**Brief**
Starting with the line that contains "R) (l : nat)" and stopping after the line that contains "t_+ and -t_-;", return each line below exactly as written, with no others.

Saved data entries:
/---

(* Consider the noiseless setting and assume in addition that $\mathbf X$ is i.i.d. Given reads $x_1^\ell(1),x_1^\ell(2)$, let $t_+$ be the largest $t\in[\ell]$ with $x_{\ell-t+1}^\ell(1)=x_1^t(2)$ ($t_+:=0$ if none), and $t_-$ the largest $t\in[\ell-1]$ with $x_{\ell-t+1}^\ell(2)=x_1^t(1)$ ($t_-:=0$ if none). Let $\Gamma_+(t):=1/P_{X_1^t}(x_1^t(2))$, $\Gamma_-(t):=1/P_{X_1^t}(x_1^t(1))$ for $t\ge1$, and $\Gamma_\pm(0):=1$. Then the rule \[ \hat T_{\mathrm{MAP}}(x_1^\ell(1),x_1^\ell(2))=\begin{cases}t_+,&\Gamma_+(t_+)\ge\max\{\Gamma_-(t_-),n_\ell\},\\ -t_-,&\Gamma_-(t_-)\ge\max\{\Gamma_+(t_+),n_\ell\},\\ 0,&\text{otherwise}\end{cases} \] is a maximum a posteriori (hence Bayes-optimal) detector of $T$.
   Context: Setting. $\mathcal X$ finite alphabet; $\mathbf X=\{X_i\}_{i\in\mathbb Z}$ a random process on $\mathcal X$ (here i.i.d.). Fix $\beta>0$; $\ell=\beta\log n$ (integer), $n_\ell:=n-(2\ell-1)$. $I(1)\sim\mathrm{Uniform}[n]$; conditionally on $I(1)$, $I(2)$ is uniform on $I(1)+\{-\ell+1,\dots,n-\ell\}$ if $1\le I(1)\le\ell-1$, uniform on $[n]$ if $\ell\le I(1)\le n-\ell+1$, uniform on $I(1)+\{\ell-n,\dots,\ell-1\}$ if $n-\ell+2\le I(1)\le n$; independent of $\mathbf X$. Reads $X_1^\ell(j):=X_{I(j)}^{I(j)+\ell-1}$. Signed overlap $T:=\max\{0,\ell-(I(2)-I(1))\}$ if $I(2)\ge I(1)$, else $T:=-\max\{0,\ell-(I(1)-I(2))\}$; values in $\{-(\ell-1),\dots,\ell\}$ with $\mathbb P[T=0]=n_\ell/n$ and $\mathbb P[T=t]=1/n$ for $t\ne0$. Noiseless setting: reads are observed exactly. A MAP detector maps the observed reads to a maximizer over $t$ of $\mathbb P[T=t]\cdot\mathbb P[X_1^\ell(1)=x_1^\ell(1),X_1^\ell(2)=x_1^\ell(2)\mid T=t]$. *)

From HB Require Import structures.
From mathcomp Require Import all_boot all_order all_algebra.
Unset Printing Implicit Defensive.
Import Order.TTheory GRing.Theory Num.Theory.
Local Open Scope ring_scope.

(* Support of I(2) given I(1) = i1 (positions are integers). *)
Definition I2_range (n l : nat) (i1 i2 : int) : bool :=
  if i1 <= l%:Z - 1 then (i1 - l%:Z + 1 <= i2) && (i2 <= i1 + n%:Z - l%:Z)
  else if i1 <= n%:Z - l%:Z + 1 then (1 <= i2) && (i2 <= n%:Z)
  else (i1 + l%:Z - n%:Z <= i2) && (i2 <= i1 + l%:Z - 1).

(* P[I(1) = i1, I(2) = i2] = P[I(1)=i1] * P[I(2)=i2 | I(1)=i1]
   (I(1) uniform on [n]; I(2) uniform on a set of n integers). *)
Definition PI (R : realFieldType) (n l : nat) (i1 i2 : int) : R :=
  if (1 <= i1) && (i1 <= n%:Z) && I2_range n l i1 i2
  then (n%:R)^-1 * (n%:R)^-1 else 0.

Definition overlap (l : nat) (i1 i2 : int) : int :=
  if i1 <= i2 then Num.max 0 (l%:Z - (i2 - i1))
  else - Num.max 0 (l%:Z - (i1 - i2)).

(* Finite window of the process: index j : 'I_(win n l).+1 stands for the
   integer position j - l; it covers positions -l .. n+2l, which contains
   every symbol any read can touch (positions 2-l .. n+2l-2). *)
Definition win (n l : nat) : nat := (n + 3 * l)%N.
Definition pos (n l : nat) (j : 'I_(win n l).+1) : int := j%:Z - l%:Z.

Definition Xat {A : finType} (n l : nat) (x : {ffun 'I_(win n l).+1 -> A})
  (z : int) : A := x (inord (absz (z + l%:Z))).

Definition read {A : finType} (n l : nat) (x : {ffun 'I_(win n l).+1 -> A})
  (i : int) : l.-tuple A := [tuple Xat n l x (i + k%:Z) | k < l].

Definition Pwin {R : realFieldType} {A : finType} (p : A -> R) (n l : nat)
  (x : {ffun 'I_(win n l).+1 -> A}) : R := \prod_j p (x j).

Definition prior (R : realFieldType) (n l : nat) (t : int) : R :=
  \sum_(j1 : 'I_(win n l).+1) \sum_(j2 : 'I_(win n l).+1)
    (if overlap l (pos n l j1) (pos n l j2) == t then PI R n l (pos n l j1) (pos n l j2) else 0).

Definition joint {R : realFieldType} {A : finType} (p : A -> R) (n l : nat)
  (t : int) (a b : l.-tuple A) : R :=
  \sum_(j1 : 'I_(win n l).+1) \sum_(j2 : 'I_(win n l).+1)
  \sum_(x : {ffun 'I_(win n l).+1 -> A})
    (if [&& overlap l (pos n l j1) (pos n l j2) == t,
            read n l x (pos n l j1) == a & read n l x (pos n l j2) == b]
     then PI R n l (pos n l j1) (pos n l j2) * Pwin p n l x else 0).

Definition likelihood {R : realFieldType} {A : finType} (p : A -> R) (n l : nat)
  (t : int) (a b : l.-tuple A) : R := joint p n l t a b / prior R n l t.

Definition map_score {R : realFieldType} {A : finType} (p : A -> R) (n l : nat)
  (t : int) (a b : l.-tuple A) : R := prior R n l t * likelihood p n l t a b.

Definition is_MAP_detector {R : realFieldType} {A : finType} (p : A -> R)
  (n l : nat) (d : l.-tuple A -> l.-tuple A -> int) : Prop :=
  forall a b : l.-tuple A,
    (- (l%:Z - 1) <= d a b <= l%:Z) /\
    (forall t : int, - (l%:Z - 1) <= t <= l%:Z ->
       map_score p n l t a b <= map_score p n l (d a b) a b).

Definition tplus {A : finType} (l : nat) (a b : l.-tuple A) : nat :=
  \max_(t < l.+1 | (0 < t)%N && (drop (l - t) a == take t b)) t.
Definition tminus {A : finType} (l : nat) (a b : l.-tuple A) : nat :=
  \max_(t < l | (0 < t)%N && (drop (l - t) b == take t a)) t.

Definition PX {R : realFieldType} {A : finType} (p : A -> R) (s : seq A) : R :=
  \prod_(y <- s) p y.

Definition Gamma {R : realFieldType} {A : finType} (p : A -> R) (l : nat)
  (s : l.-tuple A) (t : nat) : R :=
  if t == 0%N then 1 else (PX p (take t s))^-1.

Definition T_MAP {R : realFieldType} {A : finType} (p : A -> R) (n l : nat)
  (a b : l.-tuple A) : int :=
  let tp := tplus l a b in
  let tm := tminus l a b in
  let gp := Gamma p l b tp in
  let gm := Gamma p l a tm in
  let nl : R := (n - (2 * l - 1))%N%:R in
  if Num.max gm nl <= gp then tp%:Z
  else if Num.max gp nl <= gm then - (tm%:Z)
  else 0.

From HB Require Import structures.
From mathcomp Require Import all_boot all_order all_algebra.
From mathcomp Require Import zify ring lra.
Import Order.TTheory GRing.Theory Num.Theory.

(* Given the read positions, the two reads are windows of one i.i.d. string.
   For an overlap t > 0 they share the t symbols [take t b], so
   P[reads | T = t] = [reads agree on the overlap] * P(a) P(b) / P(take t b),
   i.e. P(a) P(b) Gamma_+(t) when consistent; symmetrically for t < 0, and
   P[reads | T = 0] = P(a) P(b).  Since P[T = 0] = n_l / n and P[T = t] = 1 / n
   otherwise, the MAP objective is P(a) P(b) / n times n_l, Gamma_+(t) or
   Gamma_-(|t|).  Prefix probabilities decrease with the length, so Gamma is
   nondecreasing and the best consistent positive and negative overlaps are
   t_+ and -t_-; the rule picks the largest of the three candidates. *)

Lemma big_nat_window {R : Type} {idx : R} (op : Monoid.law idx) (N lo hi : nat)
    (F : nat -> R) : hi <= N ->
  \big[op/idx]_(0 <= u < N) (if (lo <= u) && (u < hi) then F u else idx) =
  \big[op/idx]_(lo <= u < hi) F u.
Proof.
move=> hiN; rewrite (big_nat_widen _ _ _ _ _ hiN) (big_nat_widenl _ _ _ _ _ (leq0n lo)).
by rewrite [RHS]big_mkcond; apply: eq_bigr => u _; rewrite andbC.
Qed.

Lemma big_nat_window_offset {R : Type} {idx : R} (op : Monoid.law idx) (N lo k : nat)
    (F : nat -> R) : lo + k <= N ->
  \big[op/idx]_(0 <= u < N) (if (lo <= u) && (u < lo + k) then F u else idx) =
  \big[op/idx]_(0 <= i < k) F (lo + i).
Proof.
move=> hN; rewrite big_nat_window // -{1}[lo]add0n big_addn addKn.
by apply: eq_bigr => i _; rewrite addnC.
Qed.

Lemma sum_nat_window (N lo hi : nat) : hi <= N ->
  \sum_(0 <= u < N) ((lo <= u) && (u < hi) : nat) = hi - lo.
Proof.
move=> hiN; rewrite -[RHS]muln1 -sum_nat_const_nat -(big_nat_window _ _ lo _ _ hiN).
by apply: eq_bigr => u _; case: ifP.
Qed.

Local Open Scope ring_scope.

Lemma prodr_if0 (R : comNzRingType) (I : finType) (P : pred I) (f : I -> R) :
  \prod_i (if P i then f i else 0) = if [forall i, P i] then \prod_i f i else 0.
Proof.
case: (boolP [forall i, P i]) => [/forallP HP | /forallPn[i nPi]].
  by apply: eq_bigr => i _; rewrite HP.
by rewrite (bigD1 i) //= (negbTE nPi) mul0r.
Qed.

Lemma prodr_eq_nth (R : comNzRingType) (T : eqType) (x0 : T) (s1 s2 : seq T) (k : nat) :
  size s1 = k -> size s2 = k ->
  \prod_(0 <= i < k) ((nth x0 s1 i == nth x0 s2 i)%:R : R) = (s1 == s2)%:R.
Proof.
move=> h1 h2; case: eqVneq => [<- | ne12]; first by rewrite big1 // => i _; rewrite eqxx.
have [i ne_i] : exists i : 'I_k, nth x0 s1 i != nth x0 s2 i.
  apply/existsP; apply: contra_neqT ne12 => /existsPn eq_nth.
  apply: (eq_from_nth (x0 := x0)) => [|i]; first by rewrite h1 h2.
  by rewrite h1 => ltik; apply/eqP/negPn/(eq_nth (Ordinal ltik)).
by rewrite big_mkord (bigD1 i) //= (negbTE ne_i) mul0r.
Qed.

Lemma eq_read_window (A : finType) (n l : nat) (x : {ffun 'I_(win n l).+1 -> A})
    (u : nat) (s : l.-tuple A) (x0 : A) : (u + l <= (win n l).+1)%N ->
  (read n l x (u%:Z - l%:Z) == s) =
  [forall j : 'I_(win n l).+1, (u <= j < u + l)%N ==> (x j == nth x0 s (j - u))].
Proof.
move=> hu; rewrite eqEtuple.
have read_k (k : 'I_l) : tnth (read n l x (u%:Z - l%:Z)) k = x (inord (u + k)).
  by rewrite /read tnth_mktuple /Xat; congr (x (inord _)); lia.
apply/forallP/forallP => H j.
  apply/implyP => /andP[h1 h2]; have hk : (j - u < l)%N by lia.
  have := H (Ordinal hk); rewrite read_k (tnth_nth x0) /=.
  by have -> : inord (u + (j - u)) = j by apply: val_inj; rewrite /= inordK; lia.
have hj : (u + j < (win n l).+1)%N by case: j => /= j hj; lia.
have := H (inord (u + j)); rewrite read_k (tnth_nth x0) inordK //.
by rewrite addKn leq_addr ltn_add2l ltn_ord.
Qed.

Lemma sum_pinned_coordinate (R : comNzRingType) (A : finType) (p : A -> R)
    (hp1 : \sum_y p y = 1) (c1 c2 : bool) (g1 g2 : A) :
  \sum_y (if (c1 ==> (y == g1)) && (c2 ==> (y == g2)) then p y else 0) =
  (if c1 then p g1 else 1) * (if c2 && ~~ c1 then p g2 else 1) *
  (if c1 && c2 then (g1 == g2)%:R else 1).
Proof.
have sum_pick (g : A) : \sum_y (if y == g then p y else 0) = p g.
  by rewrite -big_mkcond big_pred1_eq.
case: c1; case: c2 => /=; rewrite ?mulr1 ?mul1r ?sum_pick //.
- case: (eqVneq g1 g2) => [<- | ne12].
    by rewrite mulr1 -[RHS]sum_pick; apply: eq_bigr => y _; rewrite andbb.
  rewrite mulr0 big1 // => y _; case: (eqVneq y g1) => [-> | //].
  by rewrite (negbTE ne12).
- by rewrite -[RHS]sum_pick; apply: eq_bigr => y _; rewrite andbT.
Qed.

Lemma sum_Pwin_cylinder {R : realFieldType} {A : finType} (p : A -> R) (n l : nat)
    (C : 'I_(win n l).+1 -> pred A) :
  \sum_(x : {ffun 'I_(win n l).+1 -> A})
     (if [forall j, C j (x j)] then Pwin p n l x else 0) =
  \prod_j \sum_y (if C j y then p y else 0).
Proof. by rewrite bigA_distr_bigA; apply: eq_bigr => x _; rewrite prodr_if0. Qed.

\---

**Exercise solution**
Definition Gamma {R : realFieldType} {A : finType} (p : A -> R) (l : nat)
  (s : l.-tuple A) (t : nat) : R :=
  if t == 0%N then 1 else (PX p (take t s))^-1.

Definition T_MAP {R : realFieldType} {A : finType} (p : A -> R) (n l : nat)
  (a b : l.-tuple A) : int :=
  let tp := tplus l a b in
  let tm := tminus l a b in
  let gp := Gamma p l b tp in
  let gm := Gamma p l a tm in
  let nl : R := (n - (2 * l - 1))%N%:R in
  if Num.max gm nl <= gp then tp%:Z
  else if Num.max gp nl <= gm then - (tm%:Z)
  else 0.

From HB Require Import structures.
From mathcomp Require Import all_boot all_order all_algebra.
From mathcomp Require Import zify ring lra.
Import Order.TTheory GRing.Theory Num.Theory.

(* Given the read positions, the two reads are windows of one i.i.d. string.
   For an overlap t > 0 they share the t symbols [take t b], so
   P[reads | T = t] = [reads agree on the overlap] * P(a) P(b) / P(take t b),
   i.e. P(a) P(b) Gamma_+(t) when consistent; symmetrically for t < 0, and
   P[reads | T = 0] = P(a) P(b).  Since P[T = 0] = n_l / n and P[T = t] = 1 / n
   otherwise, the MAP objective is P(a) P(b) / n times n_l, Gamma_+(t) or
   Gamma_-(|t|).  Prefix probabilities decrease with the length, so Gamma is
   nondecreasing and the best consistent positive and negative overlaps are
   t_+ and -t_-; the rule picks the largest of the three candidates. *)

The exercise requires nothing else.